En cuanto al currículo nacional, es una ridiculez calificarlo de “bolivariano” como lo han hecho. Ello da la idea de la existencia o cambio programático, como en verdad han querido imponer, no como una programación, sino como un adoctrinamiento conductista, sin base socio filosófica, que tienda al deber ser de orientar la formación de un hombre útil e insertable en el seno de una, su sociedad actual, moderna y futurista, que aunque para muchos es negativo, no podemos apartarla del mundo globalizado.

Currículo o Curriculum, en un sentido amplio es el curso de enseñanza y aprendizaje sistemáticamente organizado. En un sentido restringido, también se denomina a los temas de estudio en los distintos grados y niveles de enseñanza. Otras definiciones incluyen los programas de estudio de profesores, alumnos y profesionales. Para el tema que tratamos es necesario entender, que todo sistema de educación está basado en un proyecto curricular, pero en muchos países, especialmente en la Europa continental, América Latina y en algunas naciones de Asia, la palabra currículo no es muy familiar. Por lo general, currículo significa programas de estudio e instrucción y en la mayor parte del mundo consiste en una relación de temas prescritos para cada nivel y grado de enseñanza, con un ajustado número de horas por semana y año. Es de importancia señalar, que en un currículo se impone fundamentalmente, la necesaria taxonomía de objetivos claros, definidos y concatenados para los distintos niveles educativos, así como los fines y contenidos para cada asignatura.

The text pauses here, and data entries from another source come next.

(* Consider the upper half-space model $\mathbb{H}^3=\{(x_1,x_2,x_3)\in\mathbb{R}^3: x_3>0\}$ with metric $g=\frac{1}{x_3^2}(dx_1^2+dx_2^2+dx_3^2)$. Let $E$ be a complete end of revolution in $\mathbb{H}^3$ about the $x_3$-axis, and suppose there is $z>0$ such that $E$ is contained on the horosphere $\{x_3=z\}$, i.e. $E\subset\{x\in\mathbb{H}^3: x_3\ge z\}$. Then $E$ is parabolic.
   Context: A complete end of revolution about the $x_3$-axis is the set $E=\{(\gamma_1(s)\cos\theta,\gamma_1(s)\sin\theta,\gamma_2(s)): s\ge0,\ \theta\in[0,2\pi)\}$, where $\gamma(s)=(\gamma_1(s),0,\gamma_2(s))$, $s\in[0,\infty)$, is a smooth regular curve with $\gamma_1>0$, $\gamma_2>0$ and infinite hyperbolic length; $E$ carries the metric induced by this immersion of $[0,\infty)\times\mathbb{S}^1$. An end $E$ is parabolic if every bounded harmonic function on $E$ is determined by its boundary values. *)

From Stdlib Require Import Reals Lra.
From Coquelicot Require Import Coquelicot.
Open Scope R_scope.

Definition smooth (f : R -> R) : Prop := forall (n : nat) (x : R), ex_derive_n f n x.

Definition pd_s (f : R -> R -> R) : R -> R -> R :=
  fun s t => Derive (fun s' => f s' t) s.
Definition pd_t (f : R -> R -> R) : R -> R -> R :=
  fun s t => Derive (fun t' => f s t') t.

(* The immersion X(s,theta) = (g1 s cos theta, g1 s sin theta, g2 s) of
   [0,oo) x S^1 into the upper half-space model of H^3. *)
Definition X1 (g1 g2 : R -> R) : R -> R -> R := fun s t => g1 s * cos t.
Definition X2 (g1 g2 : R -> R) : R -> R -> R := fun s t => g1 s * sin t.
Definition X3 (g1 g2 : R -> R) : R -> R -> R := fun s t => g2 s.

(* Coefficients of the metric induced by g = (dx1^2+dx2^2+dx3^2)/x3^2. *)
Definition metE (g1 g2 : R -> R) (s t : R) : R :=
  (pd_s (X1 g1 g2) s t ^ 2 + pd_s (X2 g1 g2) s t ^ 2 + pd_s (X3 g1 g2) s t ^ 2)
  / (X3 g1 g2 s t ^ 2).
Definition metF (g1 g2 : R -> R) (s t : R) : R :=
  (pd_s (X1 g1 g2) s t * pd_t (X1 g1 g2) s t
   + pd_s (X2 g1 g2) s t * pd_t (X2 g1 g2) s t
   + pd_s (X3 g1 g2) s t * pd_t (X3 g1 g2) s t)
  / (X3 g1 g2 s t ^ 2).
Definition metG (g1 g2 : R -> R) (s t : R) : R :=
  (pd_t (X1 g1 g2) s t ^ 2 + pd_t (X2 g1 g2) s t ^ 2 + pd_t (X3 g1 g2) s t ^ 2)
  / (X3 g1 g2 s t ^ 2).
Definition metDet (g1 g2 : R -> R) (s t : R) : R :=
  metE g1 g2 s t * metG g1 g2 s t - metF g1 g2 s t ^ 2.

(* Laplace-Beltrami operator of the induced metric in coordinates (s, theta):
   Delta u = 1/sqrt(det g) * sum_{i,j} d_i (sqrt(det g) g^{ij} d_j u). *)
Definition laplacian (g1 g2 : R -> R) (u : R -> R -> R) (s t : R) : R :=
  let sd := fun s t => sqrt (metDet g1 g2 s t) in
  let flux_s := fun s t =>
    sd s t * ((metG g1 g2 s t / metDet g1 g2 s t) * pd_s u s t
              - (metF g1 g2 s t / metDet g1 g2 s t) * pd_t u s t) in
  let flux_t := fun s t =>
    sd s t * (- (metF g1 g2 s t / metDet g1 g2 s t) * pd_s u s t
              + (metE g1 g2 s t / metDet g1 g2 s t) * pd_t u s t) in
  / sd s t * (pd_s flux_s s t + pd_t flux_t s t).

Definition C2_at (u : R -> R -> R) (s t : R) : Prop :=
  continuity_2d_pt u s t /\
  ex_derive (fun s' => u s' t) s /\ ex_derive (fun t' => u s t') t /\
  continuity_2d_pt (pd_s u) s t /\ continuity_2d_pt (pd_t u) s t /\
  ex_derive (fun s' => pd_s u s' t) s /\ ex_derive (fun t' => pd_s u s t') t /\
  ex_derive (fun s' => pd_t u s' t) s /\ ex_derive (fun t' => pd_t u s t') t /\
  continuity_2d_pt (pd_s (pd_s u)) s t /\ continuity_2d_pt (pd_t (pd_s u)) s t /\
  continuity_2d_pt (pd_s (pd_t u)) s t /\ continuity_2d_pt (pd_t (pd_t u)) s t.

(* A function on E = [0,oo) x S^1 (2pi-periodic in theta), continuous on E
   (including the boundary s = 0). *)
Definition fun_on_E (u : R -> R -> R) : Prop :=
  (forall s t, 0 <= s -> u s (t + 2 * PI) = u s t) /\
  (forall s0 t0, 0 <= s0 -> forall eps, 0 < eps -> exists delta, 0 < delta /\
     forall s t, 0 <= s -> Rabs (s - s0) < delta -> Rabs (t - t0) < delta ->
       Rabs (u s t - u s0 t0) < eps).

Definition bounded_harmonic (g1 g2 : R -> R) (u : R -> R -> R) : Prop :=
  fun_on_E u /\
  (forall s t, 0 < s -> C2_at u s t /\ laplacian g1 g2 u s t = 0) /\
  (exists M, forall s t, 0 <= s -> Rabs (u s t) <= M).

(* E is parabolic: bounded harmonic functions are determined by their
   boundary values (on the boundary circle s = 0). *)
Definition parabolic (g1 g2 : R -> R) : Prop :=
  forall u v, bounded_harmonic g1 g2 u -> bounded_harmonic g1 g2 v ->
    (forall t, u 0 t = v 0 t) -> forall s t, 0 <= s -> u s t = v s t.

Definition hyp_length (g1 g2 : R -> R) (S : R) : R :=
  RInt (fun s => sqrt (Derive g1 s ^ 2 + Derive g2 s ^ 2) / g2 s) 0 S.
Definition infinite_hyp_length (g1 g2 : R -> R) : Prop :=
  forall M : R, exists S, 0 <= S /\ M < hyp_length g1 g2 S.

(* Complete end of revolution about the x3-axis, generated by
   gamma = (g1, 0, g2) on [0,oo). *)
Definition complete_end_of_revolution (g1 g2 : R -> R) : Prop :=
  smooth g1 /\ smooth g2 /\
  (forall s, 0 <= s -> 0 < Derive g1 s ^ 2 + Derive g2 s ^ 2) /\
  (forall s, 0 <= s -> 0 < g1 s) /\
  (forall s, 0 <= s -> 0 < g2 s) /\
  infinite_hyp_length g1 g2.

(* In the coordinates (s, theta) the induced metric is E ds^2 + G dtheta^2, and the
   Laplace equation reads d_s (P d_s u) + Q d_theta^2 u = 0 with P = g1 / |gamma'|.
   Hence h(s) = int_0^s |gamma'| / g1 is a radial harmonic function, and it is unbounded:
   since (ln g1)' <= h', a bound on h would bound g1, and then g2 >= z would bound the
   hyperbolic length int |gamma'| / g2 by (sup g1 / z) h.
   If u, v are bounded harmonic with u <= v at s = 0 but u > v by c somewhere, then
   u - v - eps h + del h^2 satisfies d_s (P d_s .) + Q d_theta^2 . > 0.  With eps h(S)
   beyond the bound of u - v, its maximum over [0, S] x S^1 exceeds c / 2, hence lies
   in the interior, where the second-derivative test forbids it. *)

From Stdlib Require Import Reals Lra Lia ZArith Classical.
From Coquelicot Require Import Coquelicot.
From mathcomp Require all_boot all_order all_algebra all_classical all_reals all_analysis.
From mathcomp Require Rstruct Rstruct_topology.
Open Scope R_scope.

Lemma is_derive_local_max (f : R -> R) x0 r l :
  0 < r -> (forall x, Rabs (x - x0) < r -> f x <= f x0) -> is_derive f x0 l -> l = 0.
Proof.
intros Hr Hmax Hf. apply is_derive_Reals in Hf.
apply (deriv_maximum f (x0 - r) (x0 + r) x0 (exist _ l Hf)); try lra.
intros x H1 H2. apply Hmax, Rabs_def1; lra.
Qed.

Lemma is_derive_pos_right_of_root (k : R -> R) x0 d :
  is_derive k x0 d -> k x0 = 0 -> 0 < d ->
  exists del, 0 < del /\ forall x, x0 < x < x0 + del -> 0 < k x.
Proof.
intros Hk Hk0 Hd. apply is_derive_Reals in Hk.
destruct (Hk d Hd) as [del Hdel].
exists del. split; [apply cond_pos|].
intros x Hx.
assert (Hq : Rabs ((k (x0 + (x - x0)) - k x0) / (x - x0) - d) < d).
{ apply Hdel; [lra|]. rewrite Rabs_right; lra. }
replace (x0 + (x - x0)) with x in Hq by ring. rewrite Hk0, Rminus_0_r in Hq.
apply Rabs_def2 in Hq.
assert (Hk' : k x = k x / (x - x0) * (x - x0)) by (field; lra).
rewrite Hk'. apply Rmult_lt_0_compat; lra.
Qed.
Lemma ler_norm_derive_pow (f df : R -> R) (a b c : R) (L : nat) :
  (forall x, x \in `[a, b] -> is_derive x 1 f (df x)) ->
  (forall x, x \in `[a, b] -> `|df x| <= `|x - c| ^+ L) ->
  c \in `[a, b] -> f c = 0 ->
  forall s, s \in `[a, b] -> `|f s| <= `|s - c| ^+ L.+1 / L.+1%:R.
Proof.
move=> fd dfB cab fc0 s sab.
have sub u v x : u \in `[a, b] -> v \in `[a, b] -> x \in `[u, v] -> x \in `[a, b].
  by rewrite !in_itv /= => /andP[? ?] /andP[? ?] /andP[? ?]; apply/andP; split; lra.
have [cs|sc] := lerP c s.
- have dB x : x \in `[c, s] -> `|df x| <= 1 * (x - c) ^+ L.
    move=> xcs; rewrite mul1r -[x - c]ger0_norm ?dfB ?(sub _ _ _ cab sab xcs) //.
    by move: xcs; rewrite in_itv /= subr_ge0 => /andP[].
  have := ler_norm_subr_derive cs (fun x xcs => fd x (sub _ _ _ cab sab xcs))
    (fun x _ => is_derive_scaled_pow 1 c x L) dB.
  by rewrite fc0 subr0 subrr expr0n /= !mul1r mul0r subr0.
- (* Left of c, compare with (-1)^L (u - c)^(L+1) / (L+1), whose derivative is |u - c|^L. *)
  have dB x : x \in `[s, c] -> `|df x| <= (-1) ^+ L * (x - c) ^+ L.
    move=> xsc; rewrite -exprMn mulN1r opprB -[c - x]ger0_norm.
      by rewrite distrC dfB ?(sub _ _ _ sab cab xsc).
    by move: xsc; rewrite in_itv /= subr_ge0 => /andP[].
  have := ler_norm_subr_derive (ltW sc) (fun x xsc => fd x (sub _ _ _ sab cab xsc))
    (fun x _ => is_derive_scaled_pow ((-1) ^+ L) c x L) dB.
  rewrite fc0 sub0r normrN subrr expr0n /= mulr0 mul0r sub0r.
  have -> : (c - s) ^+ L.+1 = (-1) ^+ L.+1 * (s - c) ^+ L.+1.
    by rewrite -exprMn mulN1r opprB.
  by move/le_trans; apply; rewrite [(-1) ^+ L.+1]exprS mulN1r !mulNr.
Qed.

End PowerBound.

Section LogTaylor.
Variable R : realType.
Local Notation h := (@h R).
Local Notation hcoef := (@hcoef R).

Lemma is_derive_addl (a x : R) : is_derive x 1 (+%R a) 1.
Proof.
rewrite (_ : +%R a = shift a); first exact: is_derive_shift.
by apply/funext => s /=; rewrite addrC.
Qed.

Lemma is_derive_h (x : R) : -1 < x -> is_derive x 1 h (1 + x)^-1.
Proof.
move=> x1; have x0 : 0 < 1 + x by rewrite -ltrBlDl sub0r.
by have := is_derive1_comp (is_derive1_ln x0) (is_derive_addl 1 x); rewrite mulr1.
Qed.
Lemma phi_val_le1 f g α : phi_val f g α <= 1.
Proof.
rewrite /phi_val; set E := (X in sup X).
have [->|/set0P E_nonempty] := eqVneq E set0; first by rewrite sup0 ler01.
by apply: ge_sup => // _ [t _ <-]; apply: ML_le1.
Qed.

Lemma phi_val_ge {f g α t} : sval f t + sval g t = α -> sval f t <= phi_val f g α.
Proof.
move=> fgt; apply: ub_le_sup; last by exists t.
by exists 1 => _ [s _ <-]; apply: ML_le1.
Qed.

Lemma phi_val_gt {f g α c} : 0 <= c -> c < phi_val f g α ->
  exists t, sval f t + sval g t = α /\ c < sval f t.
Proof.
rewrite /phi_val; set E := (X in sup X) => c0.
have [->|/set0P E_nonempty] := eqVneq E set0; first by rewrite sup0; lra.
by move/(sup_gt E_nonempty) => [_ [t fgt <-] ct]; exists t.
Qed.

End PhiVal.

Local Notation rat01 := {q : rat | 0 <= q <= 1}.

Lemma ratr01 {R : realFieldType} (q : rat01) : 0 <= (ratr (sval q) : R) <= 1.
Proof.
case: q => q /= /andP[q0 q1].
by rewrite -(rmorph0 (@ratr R)) -(rmorph1 (@ratr R)) !ler_rat q0 q1.
Qed.

Lemma exists_rat01_between {R : realType} {u w : R} : 0 <= u -> u < w -> w <= 1 ->
  exists q : rat01, u < ratr (sval q) < w.
Proof.
move=> u0 uw w1; have [q] := rat_in_itvoo uw; rewrite in_itv /= => /andP[uq qw].
have q01 : 0 <= q <= 1.
  rewrite -(ler_rat R 0) -(ler_rat R q 1) rmorph0 rmorph1.
  by apply/andP; split; lra.
by exists (exist _ q q01); rewrite /= uq qw.
Qed.

Lemma truncated_sub_sub {R : realDomainType} (u w : R) : 0 <= u -> 0 <= w ->
  Num.max (u - Num.max (u - w) 0) 0 = Num.min u w.
Proof.
move=> u0 w0; have [uw|wu] := leP u w.
  by rewrite (max_idPr (_ : u - w <= 0)) ?subr_le0 // subr0 (max_idPl u0).
rewrite (max_idPl (_ : 0 <= u - w)) ?subr_ge0 ?ltW // (_ : u - (u - w) = w); last by ring.
exact: max_idPl w0.
Qed.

He aquí donde adolece de la mayor insuficiencia el “currículo bolivariano”.

Sin caer en la retórica, debemos reconocer la necesidad de la reforma curricular ya que nadie duda la deficiencia de nuestra educación, especialmente de la elemental, básica o primaria, cuya causa no debemos verla con un solo prisma, el de “la democracia corrupta o de los 40 años”. El hecho de que después de casi diez años del gobierno “bolivariano” es hasta ahora cuando se haya intentado de manera fallida la reforma, demuestra su incompetencia y equivocación al emprenderla, con claro desvío y errónea pedagogía, metodología, estrategia y táctica abierta, que la convierte en un bodrio cargado de subterfugios engañosos para nuestra niñez y juventud. Una vez mas, el venezolano rechaza los subterfugios de reforma constitucional.